▶ [DATA FOR ANALYSIS]:
(* Let $a,b\geq 0$ with $a+b\leq 1$. Then (1) $4ab\leq a+b$. (2) If moreover $a,b>0$, then the function $$x\mapsto S(a,b,x)=1-\frac{a^2b^2}{(a+b+1)(a+b)}-\frac{ab(a+1)(b+1)(a+b+ab+2)}{(a+b)(a+b+1)(a+b+2)}\,x$$ is negative for all $x\geq c(a,b)$, where $$c(a,b)=\frac{(a+b)(a+b-2ab)(a+b+1)}{ab\big((a+b+1)(a+b-2ab)+ab(a+b)\big)}.$$ *)

From Stdlib Require Import Reals.
Open Scope R_scope.

Definition S (a b x : R) : R :=
  1 - (a^2 * b^2) / ((a + b + 1) * (a + b))
    - (a * b * (a + 1) * (b + 1) * (a + b + a * b + 2))
        / ((a + b) * (a + b + 1) * (a + b + 2)) * x.

Definition c (a b : R) : R :=
  ((a + b) * (a + b - 2 * a * b) * (a + b + 1))
  / (a * b * ((a + b + 1) * (a + b - 2 * a * b) + a * b * (a + b))).

(** Write [s = a + b] and [p = a b], so that [4p <= s^2 <= s].  The function
    [S a b] is affine in [x] with negative slope, so it suffices to show
    [S a b (c a b) < 0].  Clearing the (positive) denominators, [-S a b (c a b)]
    is [p] times the polynomial [gap_poly s p] over a positive quantity, and
    [gap_poly s p > 0] follows from [2p <= s^2/2] and [s <= 1]. *)
From Stdlib Require Import Reals Lra Psatz.
Open Scope R_scope.

Lemma four_mul_le_add (a b : R) :
  0 <= a -> 0 <= b -> a + b <= 1 -> 4 * a * b <= a + b.
Proof.
  intros ha hb hab.
  assert (0 <= (a + b) * (1 - (a + b))) by (apply Rmult_le_pos; lra).
  assert (0 <= (a - b) * (a - b)) by apply Rle_0_sqr.
  nra.
Qed.

Lemma S_antitone (a b x y : R) :
  0 < a -> 0 < b -> x <= y -> S a b y <= S a b x.
Proof.
  intros ha hb hxy; unfold S.
  assert (0 < a * b * (a + 1) * (b + 1) * (a + b + a * b + 2)
              / ((a + b) * (a + b + 1) * (a + b + 2))).
  { apply Rdiv_pos_pos; repeat apply Rmult_lt_0_compat; nra. }
  nra.
Qed.

Definition gap_poly (s p : R) : R :=
  s^2 * (s + 1)^2 - 2 * p * s * (s + 1) * (s + 2) - 4 * p^2 * (s + 1)^2
    + s * (s + 2) * p^2.

Lemma gap_poly_pos (s p : R) :
  0 < s -> 0 < p -> 4 * p <= s^2 -> s <= 1 -> 0 < gap_poly s p.
Proof.
  intros hs hp hps hs1; unfold gap_poly.
  assert (lower : s^2 * (s + 1)^2 - 2 * p * s * (s + 1) * (s + 2)
                  >= s^2 * (s + 1) * (2 - s^2) / 2).
  { assert (0 <= (s^2 - 4 * p) * (s * (s + 1) * (s + 2))).
    { apply Rmult_le_pos; [lra|]. repeat apply Rmult_le_pos; lra. }
    nra. }
  assert (upper : 4 * p^2 * (s + 1)^2 <= s^4 * (s + 1)^2 / 4).
  { assert (p^2 <= s^4 / 16) by nra. nra. }
  assert (compare : s^2 * (s + 1) * (2 - s^2) / 2 >= s^4 * (s + 1)^2 / 4).
  { assert (2 * (2 - s^2) - s^2 * (s + 1) >= 0) by nra.
    assert (0 <= s^2 * (s + 1)) by nra.
    nra. }
  assert (0 < s * (s + 2) * p^2) by (apply Rmult_lt_0_compat; nra).
  lra.
Qed.

Lemma S_at_c (a b : R) :
  0 < a -> 0 < b ->
  (a + b + 1) * (a + b - 2 * a * b) + a * b * (a + b) <> 0 ->
  S a b (c a b) =
    - (a * b) * gap_poly (a + b) (a * b)
      / ((a + b) * (a + b + 1) * (a + b + 2)
         * ((a + b + 1) * (a + b - 2 * a * b) + a * b * (a + b))).
Proof.
  intros ha hb hD; unfold S, c, gap_poly.
  field; repeat split; nra.
Qed.

Lemma S_at_c_neg (a b : R) :
  0 < a -> 0 < b -> a + b <= 1 -> S a b (c a b) < 0.
Proof.
  intros ha hb hab.
  assert (hp : 0 < a * b) by nra.
  assert (hps : 4 * (a * b) <= (a + b)^2) by (pose proof (pow2_ge_0 (a - b)); nra).
  assert (hss : (a + b)^2 <= a + b) by nra.
  assert (h2p : 0 < a + b - 2 * a * b) by lra.
  assert (hD : 0 < (a + b + 1) * (a + b - 2 * a * b) + a * b * (a + b)) by nra.
  rewrite S_at_c by lra.
  apply Rdiv_neg_pos.
  - pose proof (gap_poly_pos (a + b) (a * b) ltac:(lra) hp hps hab). nra.
  - repeat apply Rmult_lt_0_compat; lra.
Qed.

Theorem lemma5 (a b : R) (ha : 0 <= a) (hb : 0 <= b) (hab : a + b <= 1) :
  4 * a * b <= a + b /\
  (0 < a -> 0 < b -> forall x : R, c a b <= x -> S a b x < 0).
Proof.
  split; [exact (four_mul_le_add a b ha hb hab)|].
  intros pa pb x hx.
  apply (Rle_lt_trans _ (S a b (c a b))).
  - apply S_antitone; lra.
  - exact (S_at_c_neg a b pa pb hab).
Qed.
Lemma word_ball_comp L q : word_over g q ->
  [set chi \o rho (word_eval op e q) | chi in word_ball L] `<=` word_ball (L + size q)%N.
Proof.
move=> gq _ [_ [f [w [Ff gw sw ->]]] <-]; exists f, (w ++ q); split=> //.
- exact/List.Forall_app.
- by rewrite size_cat leq_add2r.
- by rewrite rho_word_eval_cat.
Qed.

Lemma word_ball_step k c : (2 <= k)%N ->
  word_ball c.+1 `<=` Qk k (word_ball c) ->
  forall L, (c <= L)%N -> word_ball L.+1 `<=` Qk k (word_ball L).
Proof.
move=> k_ge2 step_c L cL chi [f [w [Ff gw sw ->]]].
have [short|long] := leqP (size w) L.
  by apply: sub_Qk => //; exists f, w.
have [gp gq] : word_over g (take c.+1 w) /\ word_over g (drop c.+1 w).
  by move: gw; rewrite -{1}(cat_take_drop c.+1 w) => /List.Forall_app.
have -> : f \o rho (word_eval op e w) =
    (f \o rho (word_eval op e (take c.+1 w))) \o rho (word_eval op e (drop c.+1 w)).
  by rewrite -{1}(cat_take_drop c.+1 w) rho_word_eval_cat.
apply: Qk_mono (Qk_comp _ (step_c _ _)) => //.
- apply: subset_trans (word_ball_comp (L := c) gq) _; apply: word_ball_mono.
  by rewrite size_drop; lia.
- by exists f, (take c.+1 w); split=> //; rewrite size_take; case: ifP; lia.
Qed.

Lemma orbit_eq_bigcup_word_ball : (forall s, gen_by op g s) ->
  [set chi | exists gamma, exists2 f, List.In f F & chi = f \o rho gamma] =
  \bigcup_L word_ball L.
Proof.
move=> gen; apply/seteqP; split=> chi.
  move=> [gamma [f Ff ->]]; have [w gw ->] := gen_by_word_eval op_monoid (gen gamma).
  by exists (size w) => //; exists f, w.
by move=> [L _ [f [w [Ff _ _ ->]]]]; exists (word_eval op e w), f.
Qed.
End WordBalls.

Theorem proposition4p8 (R : realType) (G : topologicalZmodType)
  (S : Type) (op : S -> S -> S) (e : S) (rho : S -> G -> G) :
  semigroup_with_identity op e ->
  finitely_generated op ->
  solenoid R G ->
  (forall gamma, endo (rho gamma)) ->
  (forall a b, rho (op a b) = rho a \o rho b) ->
  rho e = id ->
  forall A : set (G -> R * R), rho_basis rho A ->
  exists k : nat, (0 < k)%N /\ k_regular k A.
Proof.
move=> op_monoid [g gen] [_ _ _ _ rank] _ rho_op _ A [AD [_ [F [_ A_orbit]]]].
pose B := word_ball op e rho g F.
have A_eq : A = \bigcup_L B L.
  by rewrite A_orbit (orbit_eq_bigcup_word_ball _ _ op_monoid gen).
have [s [sA s_indep s_max]] := exists_maximal_zindep rank AD.
have [c s_in_Bc] : exists c, forall chi, List.In chi s -> B c chi.
  apply: list_uniform_bound => [n m chi nm|chi s_chi]; first exact: word_ball_mono nm chi.
  have := proj1 (List.Forall_forall _ _) sA chi s_chi.
  by rewrite A_eq => -[L _ BL]; exists L.
have [K BK] : exists K, forall chi, List.In chi (word_ball_seq op e rho g F c.+1) ->
    Qk K [set chi | List.In chi s] chi.
  apply: list_uniform_bound => [n m chi nm|chi Bchi].
    exact: Qk_mono nm (@subset_refl _ _) chi.
  have Achi : A chi by rewrite A_eq; exists c.+1 => //; rewrite /B word_ballE.
  exact: maximal_zindep_Qk (AD _ Achi) s_indep (s_max _ Achi).
exists (maxn 2 K); split; first by rewrite leq_max.
apply: (k_regular_from_tail (B := B) (c := c)) => //.
- exact: word_ball_finite.
- exact: word_ball_mono.
- apply: word_ball_step => //; first by rewrite leq_maxl.
  move=> chi; rewrite /B word_ballE => /BK; apply: Qk_mono => //.
  exact: leq_maxr.
Qed.
Definition psd (n : nat) (M : 'M[R]_n) : Prop :=
  M^T = M /\ forall x : 'cV[R]_n, 0 <= (x^T *m M *m x) 0 0.
Definition pd (n : nat) (M : 'M[R]_n) : Prop :=
  M^T = M /\ forall x : 'cV[R]_n, x != 0 -> 0 < (x^T *m M *m x) 0 0.

(* Actuator structure: input coordinate j of B belongs to actuator act j.
   S selects the input coordinates of the actuators in S. *)
Definition cols (m q : nat) (act : 'I_m -> 'I_q) (S : {set 'I_q}) : {set 'I_m} :=
  [set j : 'I_m | act j \in S].

(* B_S : the columns of B belonging to actuators in S, in increasing order *)
Definition Bsel (n m q : nat) (act : 'I_m -> 'I_q) (S : {set 'I_q})
  (B : 'M[R]_(n, m)) : 'M[R]_(n, #|cols act S|) :=
  \matrix_(i < n, j < #|cols act S|) B i (enum_val j).

Definition Rsel (m q : nat) (act : 'I_m -> 'I_q) (S : {set 'I_q})
  (Rm : 'M[R]_m) : 'M[R]_(#|cols act S|) :=
  \matrix_(i < #|cols act S|, j < #|cols act S|) Rm (enum_val i) (enum_val j).

Definition rgain (n d : nat) (A : 'M[R]_n) (B : 'M[R]_(n, d)) (Rd : 'M[R]_d)
  (P : 'M[R]_n) : 'M[R]_(d, n) :=
  - (invmx (B^T *m P *m B + Rd) *m B^T *m P *m A).

Definition rstep (n d : nat) (A : 'M[R]_n) (B : 'M[R]_(n, d)) (Rd : 'M[R]_d)
  (Q : 'M[R]_n) (P : 'M[R]_n) : 'M[R]_n :=
  Q + A^T *m P *m A
    - A^T *m P *m B *m invmx (B^T *m P *m B + Rd) *m B^T *m P *m A.
(* Consider the weighted stochastic block model: there are $r$ latent communities labelled $1,\ldots,r$; each node $i$ is independently assigned a latent community $Z_i$ with $\mathbb{P}(Z_i=z)=p_z>0$ for $z=1,\ldots,r$; each unordered pair of distinct nodes $i\neq j$ carries a real-valued edge weight $X_{i,j}=X_{j,i}$, where, conditional on the community indicators, the edge weights are independent and $X_{i,j}$ has distribution function $F_{z_1,z_2}(x)=\mathbb{P}(X_{i,j}\le x\mid Z_i=z_1,Z_j=z_2)$. For a positive integer $q$ define, for distinct nodes $i,i_1,\ldots,i_q$, $$F_z^q(x_1,\ldots,x_q):=\mathbb{P}(X_{i,i_1}\le x_1,\ X_{i_1,i_2}\le x_2,\ \ldots,\ X_{i_1,i_q}\le x_q\mid Z_i=z),\qquad z=1,\ldots,r.$$ Suppose there exists a finite integer $q$ such that the functions $F_1^q,\ldots,F_r^q$ are linearly independent, and let $q_{\min}$ be the smallest such integer. If $q_{\min}$ is positive, then the weighted stochastic block model (the number of communities $r$, the community distribution $\boldsymbol{p}=(p_1,\ldots,p_r)'$, and the conditional distributions $F_{z_1,z_2}$) is nonparametrically identified from the distribution of the edge weights, up to relabeling of the latent communities.
   Context: ''Nonparametrically identified up to relabeling'' means that any two weighted stochastic block models satisfying the assumptions and inducing the same joint distribution of observed edge weights (on sufficiently many nodes) have the same $r$ and have $(\boldsymbol{p},\{F_{z_1,z_2}\})$ equal up to a single permutation of the community labels, with no parametric restrictions imposed on the $F_{z_1,z_2}$. *)

From HB Require Import structures.
From mathcomp Require Import all_boot all_order all_algebra.
From mathcomp Require Import all_classical all_reals all_analysis.
Set Implicit Arguments. Unset Strict Implicit. Unset Printing Implicit Defensive.
Import Order.TTheory GRing.Theory Num.Theory.
Import numFieldNormedType.Exports.
Local Open Scope classical_set_scope.
Local Open Scope ring_scope.
(* Let $n\geqslant 2$ and let $G$ (gene tree) and $S$ (species tree) be caterpillar trees whose leaves are bijectively labeled by the same set $X$ of $n$ labels, with canonical label vectors $\mathbf g=(g_1,\dots,g_n)$ and $\mathbf s=(s_1,\dots,s_n)$; $G$ and $S$ need not have the same labeled topology. For a label $x$, let $\sigma(x)$ denote the index of $x$ in $\mathbf s$, and for $1\leqslant j\leqslant n-1$ put $F(j)=\max\{\sigma(g_1),\dots,\sigma(g_{j+1})\}-1$. Define the roadblock set $$B_{G,S}=\{(i,j)\in\mathbb Z^2 : 1\leqslant j\leqslant i\leqslant n-1,\ i<F(j)\}.$$ Then there is a bijection between the set of coalescent histories for $(G,S)$ and the set of monotonic lattice paths from $(0,0)$ to $(n-1,n-1)$ that do not cross above the diagonal $y=x$ and that pass through no point of $B_{G,S}$.
   Context: All trees are binary, rooted and leaf-labeled. A caterpillar tree with $n$ leaves is a tree in which some internal node is descended from all other internal nodes; it has a unique cherry (internal node with exactly two descendant leaves). Its canonical label vector $(x_1,\dots,x_n)$ has $x_1,x_2$ the labels of the two cherry leaves and, for $3\leqslant i\leqslant n$, $x_i$ the label of the leaf separated from the root by $n-i+1$ edges (vectors differing only by swapping $x_1,x_2$ describe the same tree). Internal nodes are numbered $1,\dots,n-1$ from the cherry (node 1) to the root (node $n-1$), so node $i$ has descendant leaves $x_1,\dots,x_{i+1}$; internal edge $i$ is the edge immediately above node $i$, the tree being considered to possess an extra edge above its root (edge $n-1$). A node or edge is considered descended from itself. A coalescent history for $(G,S)$ is a function $h$ from the internal nodes of $G$ to the internal edges of $S$ (including the edge above the root) such that (1) for each internal node $v$ of $G$, every label of a leaf descended from $v$ in $G$ labels a leaf of $S$ descended from edge $h(v)$; and (2) whenever internal node $v_2$ is descended from internal node $v_1$ in $G$, edge $h(v_2)$ is descended from edge $h(v_1)$ in $S$. A monotonic path from $(0,0)$ to $(a,b)$ is a sequence of lattice points starting at $(0,0)$ and ending at $(a,b)$ in which each step adds $(1,0)$ or $(0,1)$; it does not cross above $y=x$ if every point $(x,y)$ on it satisfies $y\leqslant x$. *)

From mathcomp Require Import all_boot.
Set Implicit Arguments. Unset Strict Implicit. Unset Printing Implicit Defensive.

(* A caterpillar tree on the label set X with n leaves is given by its
   canonical label vector x = (x_1,...,x_n), an n.-tuple of distinct labels.
   Indices in the paper are 1-based; the tuple is 0-based, so x_k = nth _ x (k-1)
   and the 1-based position of label y in x is (index y x).+1.
   Internal nodes and internal edges are numbered 1..n-1 (1-based naturals). *)

Section Caterpillar.
Variable X : finType.

Definition sigma (n : nat) (s : n.-tuple X) (y : X) : nat := (index y s).+1.

(* leaf labeled y is descended from internal node i of caterpillar x
   (node i has descendant leaves x_1..x_{i+1}) *)
Definition leaf_below_node (n : nat) (x : n.-tuple X) (i : nat) (y : X) : bool :=
  sigma x y <= i.+1.

(* leaf labeled y of S is descended from edge i of S (edge i is immediately
   above node i, so has the same leaves below it; edge n-1 lies above the root) *)
Definition leaf_below_edge (n : nat) (s : n.-tuple X) (i : nat) (y : X) : bool :=
  leaf_below_node s i y.

(* in a caterpillar the internal nodes form a chain: node i is descended
   from node j iff i <= j; likewise for internal edges (edge n-1 is the top) *)
Definition node_desc (i j : nat) : bool := i <= j.
Definition edge_desc (i j : nat) : bool := i <= j.

(* A function from the internal nodes {1..n-1} of G to the internal edges
   {1..n-1} of S, encoded as a finite function on 'I_(n-1): ordinal k stands
   for node/edge k+1. *)
Definition node_of (n : nat) (k : 'I_n.-1) : nat := (val k).+1.

Definition coalescent_history (n : nat) (g s : n.-tuple X)
    (h : {ffun 'I_n.-1 -> 'I_n.-1}) : Prop :=
  (forall v : 'I_n.-1, forall y : X,
      leaf_below_node g (node_of v) y -> leaf_below_edge s (node_of (h v)) y)
  /\
  (forall v1 v2 : 'I_n.-1, node_desc (node_of v2) (node_of v1) ->
      edge_desc (node_of (h v2)) (node_of (h v1))).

▶ [TASK GOAL]:
From the records above, copy each line in which the string "based" occurs.

▶ [COMPLETED EXERCISE]:
   Indices in the paper are 1-based; the tuple is 0-based, so x_k = nth _ x (k-1)
   and the 1-based position of label y in x is (index y x).+1.
   Internal nodes and internal edges are numbered 1..n-1 (1-based naturals). *)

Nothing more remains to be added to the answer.